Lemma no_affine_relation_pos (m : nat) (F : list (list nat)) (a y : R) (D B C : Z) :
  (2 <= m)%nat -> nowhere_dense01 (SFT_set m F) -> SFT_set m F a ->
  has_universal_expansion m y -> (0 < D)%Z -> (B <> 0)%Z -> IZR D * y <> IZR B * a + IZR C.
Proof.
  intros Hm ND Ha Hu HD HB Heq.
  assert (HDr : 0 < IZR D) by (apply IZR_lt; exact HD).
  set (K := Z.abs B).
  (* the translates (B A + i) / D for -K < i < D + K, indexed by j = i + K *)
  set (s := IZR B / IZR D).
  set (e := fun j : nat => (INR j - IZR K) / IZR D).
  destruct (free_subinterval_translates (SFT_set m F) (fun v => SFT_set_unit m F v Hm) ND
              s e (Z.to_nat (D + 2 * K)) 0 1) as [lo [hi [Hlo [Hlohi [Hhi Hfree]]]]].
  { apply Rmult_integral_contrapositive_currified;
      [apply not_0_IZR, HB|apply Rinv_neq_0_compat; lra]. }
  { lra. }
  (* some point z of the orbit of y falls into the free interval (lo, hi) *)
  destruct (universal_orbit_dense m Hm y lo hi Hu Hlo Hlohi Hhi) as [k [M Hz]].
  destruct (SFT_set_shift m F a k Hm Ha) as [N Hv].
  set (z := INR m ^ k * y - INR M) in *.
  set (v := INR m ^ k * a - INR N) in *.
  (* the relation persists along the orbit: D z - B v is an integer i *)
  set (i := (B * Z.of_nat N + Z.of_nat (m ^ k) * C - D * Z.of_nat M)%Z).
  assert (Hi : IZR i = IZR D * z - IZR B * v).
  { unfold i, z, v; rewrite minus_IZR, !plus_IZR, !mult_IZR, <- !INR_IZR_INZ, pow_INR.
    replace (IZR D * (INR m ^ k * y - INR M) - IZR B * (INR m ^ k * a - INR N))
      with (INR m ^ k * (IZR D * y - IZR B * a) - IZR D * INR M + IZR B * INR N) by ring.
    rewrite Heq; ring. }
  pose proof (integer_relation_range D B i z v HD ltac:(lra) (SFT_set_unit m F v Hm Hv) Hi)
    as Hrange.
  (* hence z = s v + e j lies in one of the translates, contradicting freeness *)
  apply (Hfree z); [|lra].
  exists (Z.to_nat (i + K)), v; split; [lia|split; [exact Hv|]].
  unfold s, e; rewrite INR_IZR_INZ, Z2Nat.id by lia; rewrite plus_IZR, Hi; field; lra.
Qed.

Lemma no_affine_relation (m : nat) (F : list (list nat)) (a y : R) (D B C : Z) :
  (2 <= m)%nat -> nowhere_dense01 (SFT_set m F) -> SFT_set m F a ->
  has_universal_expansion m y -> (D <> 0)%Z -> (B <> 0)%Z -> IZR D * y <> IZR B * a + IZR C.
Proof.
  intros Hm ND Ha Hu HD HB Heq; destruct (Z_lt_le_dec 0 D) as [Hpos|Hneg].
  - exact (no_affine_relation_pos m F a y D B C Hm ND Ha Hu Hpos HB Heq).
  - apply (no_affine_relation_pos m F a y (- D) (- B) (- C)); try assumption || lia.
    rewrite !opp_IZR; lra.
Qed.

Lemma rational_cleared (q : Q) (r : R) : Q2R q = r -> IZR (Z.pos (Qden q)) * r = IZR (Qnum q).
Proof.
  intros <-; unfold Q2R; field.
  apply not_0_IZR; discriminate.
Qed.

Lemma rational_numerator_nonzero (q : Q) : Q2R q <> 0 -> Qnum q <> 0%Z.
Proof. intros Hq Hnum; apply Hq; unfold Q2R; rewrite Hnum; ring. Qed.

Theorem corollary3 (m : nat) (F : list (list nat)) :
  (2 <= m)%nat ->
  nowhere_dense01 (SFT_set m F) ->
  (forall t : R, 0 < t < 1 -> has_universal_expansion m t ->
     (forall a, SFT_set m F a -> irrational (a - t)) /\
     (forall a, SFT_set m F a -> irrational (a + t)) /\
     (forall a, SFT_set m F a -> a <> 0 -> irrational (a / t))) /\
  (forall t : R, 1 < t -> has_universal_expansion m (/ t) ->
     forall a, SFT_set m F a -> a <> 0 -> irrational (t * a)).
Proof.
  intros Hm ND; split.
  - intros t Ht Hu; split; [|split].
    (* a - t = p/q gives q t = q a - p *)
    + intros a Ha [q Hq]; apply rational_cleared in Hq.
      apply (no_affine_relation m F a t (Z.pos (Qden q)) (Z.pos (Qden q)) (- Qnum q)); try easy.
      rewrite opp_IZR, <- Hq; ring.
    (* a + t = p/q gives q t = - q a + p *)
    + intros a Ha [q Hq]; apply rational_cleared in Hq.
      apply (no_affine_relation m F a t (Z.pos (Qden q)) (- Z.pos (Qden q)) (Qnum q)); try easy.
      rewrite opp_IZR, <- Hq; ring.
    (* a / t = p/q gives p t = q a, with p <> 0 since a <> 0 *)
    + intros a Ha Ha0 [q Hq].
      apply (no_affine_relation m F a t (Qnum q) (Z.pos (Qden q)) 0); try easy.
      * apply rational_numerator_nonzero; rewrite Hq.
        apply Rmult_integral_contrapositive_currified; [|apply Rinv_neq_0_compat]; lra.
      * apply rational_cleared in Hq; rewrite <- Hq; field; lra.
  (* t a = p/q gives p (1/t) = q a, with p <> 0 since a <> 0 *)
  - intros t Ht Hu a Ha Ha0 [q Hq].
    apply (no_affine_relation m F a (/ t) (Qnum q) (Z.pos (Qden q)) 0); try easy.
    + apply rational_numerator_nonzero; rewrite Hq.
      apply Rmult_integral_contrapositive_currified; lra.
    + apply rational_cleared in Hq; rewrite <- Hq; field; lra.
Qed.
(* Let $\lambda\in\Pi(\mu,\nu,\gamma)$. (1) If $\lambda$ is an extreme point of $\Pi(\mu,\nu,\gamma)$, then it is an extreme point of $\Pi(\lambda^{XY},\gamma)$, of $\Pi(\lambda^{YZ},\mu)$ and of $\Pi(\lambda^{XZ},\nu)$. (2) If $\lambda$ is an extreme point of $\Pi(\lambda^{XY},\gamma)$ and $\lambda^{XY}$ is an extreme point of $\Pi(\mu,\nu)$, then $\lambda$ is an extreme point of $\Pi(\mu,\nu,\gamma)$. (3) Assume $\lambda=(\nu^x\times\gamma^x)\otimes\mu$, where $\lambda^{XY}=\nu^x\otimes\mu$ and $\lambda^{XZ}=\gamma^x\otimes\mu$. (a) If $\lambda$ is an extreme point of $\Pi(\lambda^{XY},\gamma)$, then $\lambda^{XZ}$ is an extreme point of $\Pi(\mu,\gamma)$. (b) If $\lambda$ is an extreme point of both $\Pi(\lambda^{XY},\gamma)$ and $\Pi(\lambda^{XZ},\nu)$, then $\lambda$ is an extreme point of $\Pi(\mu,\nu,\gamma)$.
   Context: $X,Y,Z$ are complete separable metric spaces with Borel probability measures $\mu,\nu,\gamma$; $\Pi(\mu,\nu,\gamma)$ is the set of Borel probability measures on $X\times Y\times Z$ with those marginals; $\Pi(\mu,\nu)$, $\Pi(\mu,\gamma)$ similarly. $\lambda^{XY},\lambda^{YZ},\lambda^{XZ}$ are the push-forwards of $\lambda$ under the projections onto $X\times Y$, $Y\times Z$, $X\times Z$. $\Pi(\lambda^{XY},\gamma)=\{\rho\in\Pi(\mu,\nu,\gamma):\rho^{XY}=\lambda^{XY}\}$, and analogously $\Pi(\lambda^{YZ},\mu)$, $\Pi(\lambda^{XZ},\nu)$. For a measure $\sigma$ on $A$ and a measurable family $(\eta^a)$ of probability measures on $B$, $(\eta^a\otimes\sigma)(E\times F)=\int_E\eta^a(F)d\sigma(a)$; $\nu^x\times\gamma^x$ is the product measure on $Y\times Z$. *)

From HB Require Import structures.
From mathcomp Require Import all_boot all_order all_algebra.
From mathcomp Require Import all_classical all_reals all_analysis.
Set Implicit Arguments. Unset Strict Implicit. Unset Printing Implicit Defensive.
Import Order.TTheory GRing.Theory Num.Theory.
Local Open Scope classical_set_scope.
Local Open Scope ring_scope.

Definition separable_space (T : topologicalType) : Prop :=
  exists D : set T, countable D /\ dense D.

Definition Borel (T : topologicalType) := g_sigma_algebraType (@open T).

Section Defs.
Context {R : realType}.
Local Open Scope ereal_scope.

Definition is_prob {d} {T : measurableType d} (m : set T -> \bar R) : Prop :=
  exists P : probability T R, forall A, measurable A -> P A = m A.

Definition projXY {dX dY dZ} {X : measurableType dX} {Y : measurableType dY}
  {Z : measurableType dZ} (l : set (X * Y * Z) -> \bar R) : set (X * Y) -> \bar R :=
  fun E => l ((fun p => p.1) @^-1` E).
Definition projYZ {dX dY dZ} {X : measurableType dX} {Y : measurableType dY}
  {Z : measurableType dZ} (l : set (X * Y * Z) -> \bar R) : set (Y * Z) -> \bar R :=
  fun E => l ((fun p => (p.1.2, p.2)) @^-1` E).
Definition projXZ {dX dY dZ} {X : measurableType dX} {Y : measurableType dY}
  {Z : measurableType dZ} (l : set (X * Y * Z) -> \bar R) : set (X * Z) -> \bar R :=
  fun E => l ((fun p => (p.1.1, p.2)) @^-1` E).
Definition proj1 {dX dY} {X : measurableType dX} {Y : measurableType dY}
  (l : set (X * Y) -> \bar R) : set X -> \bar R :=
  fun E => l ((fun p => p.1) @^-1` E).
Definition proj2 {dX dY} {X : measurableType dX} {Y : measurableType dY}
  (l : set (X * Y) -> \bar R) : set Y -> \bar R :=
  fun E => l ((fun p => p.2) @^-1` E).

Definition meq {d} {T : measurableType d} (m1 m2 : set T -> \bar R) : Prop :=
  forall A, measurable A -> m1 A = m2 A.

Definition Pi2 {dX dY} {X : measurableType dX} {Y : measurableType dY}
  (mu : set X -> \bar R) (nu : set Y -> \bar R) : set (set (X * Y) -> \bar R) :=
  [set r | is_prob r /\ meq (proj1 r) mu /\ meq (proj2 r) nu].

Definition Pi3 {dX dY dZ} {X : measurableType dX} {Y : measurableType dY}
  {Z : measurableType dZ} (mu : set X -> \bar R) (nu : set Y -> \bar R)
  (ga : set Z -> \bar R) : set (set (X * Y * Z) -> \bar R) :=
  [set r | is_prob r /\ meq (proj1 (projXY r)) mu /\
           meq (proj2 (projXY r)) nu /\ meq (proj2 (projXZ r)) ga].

...

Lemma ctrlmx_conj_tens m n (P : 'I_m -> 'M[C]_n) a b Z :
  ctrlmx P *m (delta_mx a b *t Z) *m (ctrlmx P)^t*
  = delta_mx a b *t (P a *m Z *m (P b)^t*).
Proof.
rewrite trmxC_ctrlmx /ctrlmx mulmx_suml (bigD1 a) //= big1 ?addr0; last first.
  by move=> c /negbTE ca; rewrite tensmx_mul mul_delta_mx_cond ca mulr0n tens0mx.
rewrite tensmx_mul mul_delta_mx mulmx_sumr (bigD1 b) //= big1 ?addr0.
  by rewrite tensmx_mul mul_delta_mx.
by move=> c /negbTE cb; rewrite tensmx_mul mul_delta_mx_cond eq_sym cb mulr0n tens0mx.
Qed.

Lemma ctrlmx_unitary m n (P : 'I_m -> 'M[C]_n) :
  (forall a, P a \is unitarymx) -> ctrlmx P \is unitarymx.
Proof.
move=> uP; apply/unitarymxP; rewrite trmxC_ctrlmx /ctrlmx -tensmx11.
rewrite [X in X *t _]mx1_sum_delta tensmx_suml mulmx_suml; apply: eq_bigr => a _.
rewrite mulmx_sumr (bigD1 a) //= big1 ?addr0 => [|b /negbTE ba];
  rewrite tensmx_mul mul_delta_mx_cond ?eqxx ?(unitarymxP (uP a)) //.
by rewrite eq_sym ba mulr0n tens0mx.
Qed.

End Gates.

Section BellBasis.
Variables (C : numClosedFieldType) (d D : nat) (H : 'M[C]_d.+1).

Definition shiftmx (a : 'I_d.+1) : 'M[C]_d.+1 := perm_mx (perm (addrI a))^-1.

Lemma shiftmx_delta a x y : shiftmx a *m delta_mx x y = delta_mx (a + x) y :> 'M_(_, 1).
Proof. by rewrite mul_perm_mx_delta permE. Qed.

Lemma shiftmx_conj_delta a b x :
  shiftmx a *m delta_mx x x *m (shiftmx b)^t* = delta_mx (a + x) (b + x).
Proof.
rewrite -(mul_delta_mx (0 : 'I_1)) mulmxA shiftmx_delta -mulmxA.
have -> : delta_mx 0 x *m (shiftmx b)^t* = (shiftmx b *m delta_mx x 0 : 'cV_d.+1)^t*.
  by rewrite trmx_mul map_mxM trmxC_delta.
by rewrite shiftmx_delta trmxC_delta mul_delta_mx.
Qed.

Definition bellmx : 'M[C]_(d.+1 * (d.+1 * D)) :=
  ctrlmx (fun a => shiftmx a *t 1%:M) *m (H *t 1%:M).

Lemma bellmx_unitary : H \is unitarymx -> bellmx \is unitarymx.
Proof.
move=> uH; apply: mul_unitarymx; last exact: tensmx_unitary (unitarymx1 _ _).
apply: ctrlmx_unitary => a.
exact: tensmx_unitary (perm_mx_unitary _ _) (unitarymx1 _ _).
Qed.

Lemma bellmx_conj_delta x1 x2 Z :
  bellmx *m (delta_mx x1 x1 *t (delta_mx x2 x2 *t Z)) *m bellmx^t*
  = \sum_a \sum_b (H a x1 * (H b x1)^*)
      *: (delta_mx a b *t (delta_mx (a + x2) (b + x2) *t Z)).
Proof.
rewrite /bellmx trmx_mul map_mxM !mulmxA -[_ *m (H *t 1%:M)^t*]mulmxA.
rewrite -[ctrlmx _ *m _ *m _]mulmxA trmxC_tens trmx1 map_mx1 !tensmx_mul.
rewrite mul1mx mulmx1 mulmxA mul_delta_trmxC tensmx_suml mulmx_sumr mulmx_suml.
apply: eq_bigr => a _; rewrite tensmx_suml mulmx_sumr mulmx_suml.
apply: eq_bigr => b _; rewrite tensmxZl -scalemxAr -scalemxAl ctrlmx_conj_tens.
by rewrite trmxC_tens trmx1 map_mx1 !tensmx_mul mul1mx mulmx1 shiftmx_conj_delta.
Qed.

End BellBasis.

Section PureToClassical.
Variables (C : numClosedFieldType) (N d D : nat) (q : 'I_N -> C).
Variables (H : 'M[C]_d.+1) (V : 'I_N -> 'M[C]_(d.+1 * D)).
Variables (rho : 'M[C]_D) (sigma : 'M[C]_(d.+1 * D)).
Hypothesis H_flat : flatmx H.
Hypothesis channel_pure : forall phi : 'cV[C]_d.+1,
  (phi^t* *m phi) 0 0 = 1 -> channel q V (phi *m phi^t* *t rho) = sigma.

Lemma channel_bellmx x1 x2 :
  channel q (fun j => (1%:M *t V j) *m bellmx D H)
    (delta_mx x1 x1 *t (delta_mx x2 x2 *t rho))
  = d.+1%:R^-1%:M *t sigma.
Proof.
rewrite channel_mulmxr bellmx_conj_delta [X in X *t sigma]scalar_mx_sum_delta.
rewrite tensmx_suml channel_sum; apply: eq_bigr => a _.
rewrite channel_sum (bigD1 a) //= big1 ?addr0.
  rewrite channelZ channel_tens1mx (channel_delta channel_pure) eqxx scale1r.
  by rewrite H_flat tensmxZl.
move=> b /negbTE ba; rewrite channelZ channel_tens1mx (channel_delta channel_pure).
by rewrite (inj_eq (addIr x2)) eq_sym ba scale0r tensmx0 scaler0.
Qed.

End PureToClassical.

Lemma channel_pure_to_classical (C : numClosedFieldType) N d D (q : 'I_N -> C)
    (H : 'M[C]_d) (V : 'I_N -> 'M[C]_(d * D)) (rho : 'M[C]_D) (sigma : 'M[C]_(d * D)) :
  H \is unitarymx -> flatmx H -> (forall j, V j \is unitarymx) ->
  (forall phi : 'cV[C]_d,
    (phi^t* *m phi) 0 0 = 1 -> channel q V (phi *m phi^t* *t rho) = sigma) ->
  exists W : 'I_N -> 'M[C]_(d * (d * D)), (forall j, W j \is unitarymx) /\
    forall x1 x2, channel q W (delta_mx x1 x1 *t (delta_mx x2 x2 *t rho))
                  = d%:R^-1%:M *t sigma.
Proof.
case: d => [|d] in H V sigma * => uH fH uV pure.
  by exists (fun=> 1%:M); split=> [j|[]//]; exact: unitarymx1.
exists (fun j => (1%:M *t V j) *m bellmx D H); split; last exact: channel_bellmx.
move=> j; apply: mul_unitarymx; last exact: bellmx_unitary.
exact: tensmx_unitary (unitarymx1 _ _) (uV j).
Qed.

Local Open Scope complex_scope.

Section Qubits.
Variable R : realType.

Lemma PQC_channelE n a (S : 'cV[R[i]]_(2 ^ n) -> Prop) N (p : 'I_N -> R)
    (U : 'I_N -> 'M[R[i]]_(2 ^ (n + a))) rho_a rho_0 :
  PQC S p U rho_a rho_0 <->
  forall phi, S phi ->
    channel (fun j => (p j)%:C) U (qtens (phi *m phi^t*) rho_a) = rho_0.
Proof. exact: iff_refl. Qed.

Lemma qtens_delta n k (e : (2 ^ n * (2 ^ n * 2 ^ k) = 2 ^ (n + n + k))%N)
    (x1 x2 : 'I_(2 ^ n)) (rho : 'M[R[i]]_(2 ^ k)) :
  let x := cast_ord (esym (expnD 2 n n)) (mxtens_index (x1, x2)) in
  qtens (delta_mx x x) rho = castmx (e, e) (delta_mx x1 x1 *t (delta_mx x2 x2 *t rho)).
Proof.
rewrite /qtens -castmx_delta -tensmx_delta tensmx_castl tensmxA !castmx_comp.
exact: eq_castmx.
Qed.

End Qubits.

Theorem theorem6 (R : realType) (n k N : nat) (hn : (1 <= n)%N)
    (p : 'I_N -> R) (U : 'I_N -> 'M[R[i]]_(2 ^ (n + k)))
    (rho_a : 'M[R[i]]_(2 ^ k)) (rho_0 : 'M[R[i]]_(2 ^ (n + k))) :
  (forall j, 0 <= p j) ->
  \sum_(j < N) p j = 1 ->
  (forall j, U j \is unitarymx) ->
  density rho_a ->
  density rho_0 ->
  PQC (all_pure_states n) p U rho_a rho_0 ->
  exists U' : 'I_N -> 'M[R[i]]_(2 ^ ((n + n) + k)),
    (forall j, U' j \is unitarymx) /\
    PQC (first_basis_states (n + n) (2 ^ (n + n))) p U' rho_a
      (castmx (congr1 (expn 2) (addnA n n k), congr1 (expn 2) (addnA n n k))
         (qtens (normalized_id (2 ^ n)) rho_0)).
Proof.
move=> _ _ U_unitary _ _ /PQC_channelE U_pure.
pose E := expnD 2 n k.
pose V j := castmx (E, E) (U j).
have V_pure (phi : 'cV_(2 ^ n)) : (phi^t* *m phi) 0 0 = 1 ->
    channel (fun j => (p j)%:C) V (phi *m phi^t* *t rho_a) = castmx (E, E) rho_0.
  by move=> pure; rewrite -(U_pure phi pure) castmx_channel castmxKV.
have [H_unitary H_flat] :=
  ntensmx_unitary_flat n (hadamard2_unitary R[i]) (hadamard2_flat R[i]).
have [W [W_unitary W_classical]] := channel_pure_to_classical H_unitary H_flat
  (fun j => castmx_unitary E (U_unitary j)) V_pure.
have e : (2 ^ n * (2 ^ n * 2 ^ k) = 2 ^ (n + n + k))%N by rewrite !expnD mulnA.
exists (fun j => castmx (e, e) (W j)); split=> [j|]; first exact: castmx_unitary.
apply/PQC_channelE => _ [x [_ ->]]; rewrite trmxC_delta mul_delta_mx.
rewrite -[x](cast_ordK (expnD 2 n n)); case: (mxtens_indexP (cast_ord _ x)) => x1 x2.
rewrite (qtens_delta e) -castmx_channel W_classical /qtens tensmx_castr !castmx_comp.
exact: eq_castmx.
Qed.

* * *

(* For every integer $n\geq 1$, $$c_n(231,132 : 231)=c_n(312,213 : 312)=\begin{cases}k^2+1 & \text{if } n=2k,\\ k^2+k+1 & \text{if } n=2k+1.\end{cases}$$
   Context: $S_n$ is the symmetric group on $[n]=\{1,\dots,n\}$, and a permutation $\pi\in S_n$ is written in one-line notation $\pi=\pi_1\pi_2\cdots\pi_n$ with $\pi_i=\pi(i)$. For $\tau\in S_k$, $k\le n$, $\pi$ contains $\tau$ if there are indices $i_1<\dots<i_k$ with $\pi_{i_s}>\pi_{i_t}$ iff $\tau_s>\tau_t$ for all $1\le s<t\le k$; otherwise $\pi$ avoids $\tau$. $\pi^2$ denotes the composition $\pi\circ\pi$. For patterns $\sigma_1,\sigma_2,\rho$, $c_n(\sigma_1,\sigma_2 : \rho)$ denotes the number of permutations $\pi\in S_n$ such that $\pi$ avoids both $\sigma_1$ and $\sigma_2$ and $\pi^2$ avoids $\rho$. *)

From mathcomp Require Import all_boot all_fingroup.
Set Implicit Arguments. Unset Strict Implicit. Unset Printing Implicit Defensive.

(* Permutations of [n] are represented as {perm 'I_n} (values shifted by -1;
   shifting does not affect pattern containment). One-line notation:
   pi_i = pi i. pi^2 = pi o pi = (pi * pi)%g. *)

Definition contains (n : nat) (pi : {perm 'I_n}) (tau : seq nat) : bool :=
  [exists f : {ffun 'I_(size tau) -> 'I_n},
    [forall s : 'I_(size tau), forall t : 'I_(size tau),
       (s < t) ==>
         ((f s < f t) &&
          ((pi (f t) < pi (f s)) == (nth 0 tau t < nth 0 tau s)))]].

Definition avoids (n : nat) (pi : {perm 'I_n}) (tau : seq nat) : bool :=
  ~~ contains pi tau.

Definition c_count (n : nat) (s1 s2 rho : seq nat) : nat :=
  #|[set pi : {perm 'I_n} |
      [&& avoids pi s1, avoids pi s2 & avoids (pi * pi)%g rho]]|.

**WORK REQUEST**
Above is a listing; print exactly its lines from the one with "exists U' : 'I_N" through the one with "pose V j := castmx (E, E) (U j).", and no other lines.

**WRITTEN SOLUTION**
  exists U' : 'I_N -> 'M[R[i]]_(2 ^ ((n + n) + k)),
    (forall j, U' j \is unitarymx) /\
    PQC (first_basis_states (n + n) (2 ^ (n + n))) p U' rho_a
      (castmx (congr1 (expn 2) (addnA n n k), congr1 (expn 2) (addnA n n k))
         (qtens (normalized_id (2 ^ n)) rho_0)).
Proof.
move=> _ _ U_unitary _ _ /PQC_channelE U_pure.
pose E := expnD 2 n k.
pose V j := castmx (E, E) (U j).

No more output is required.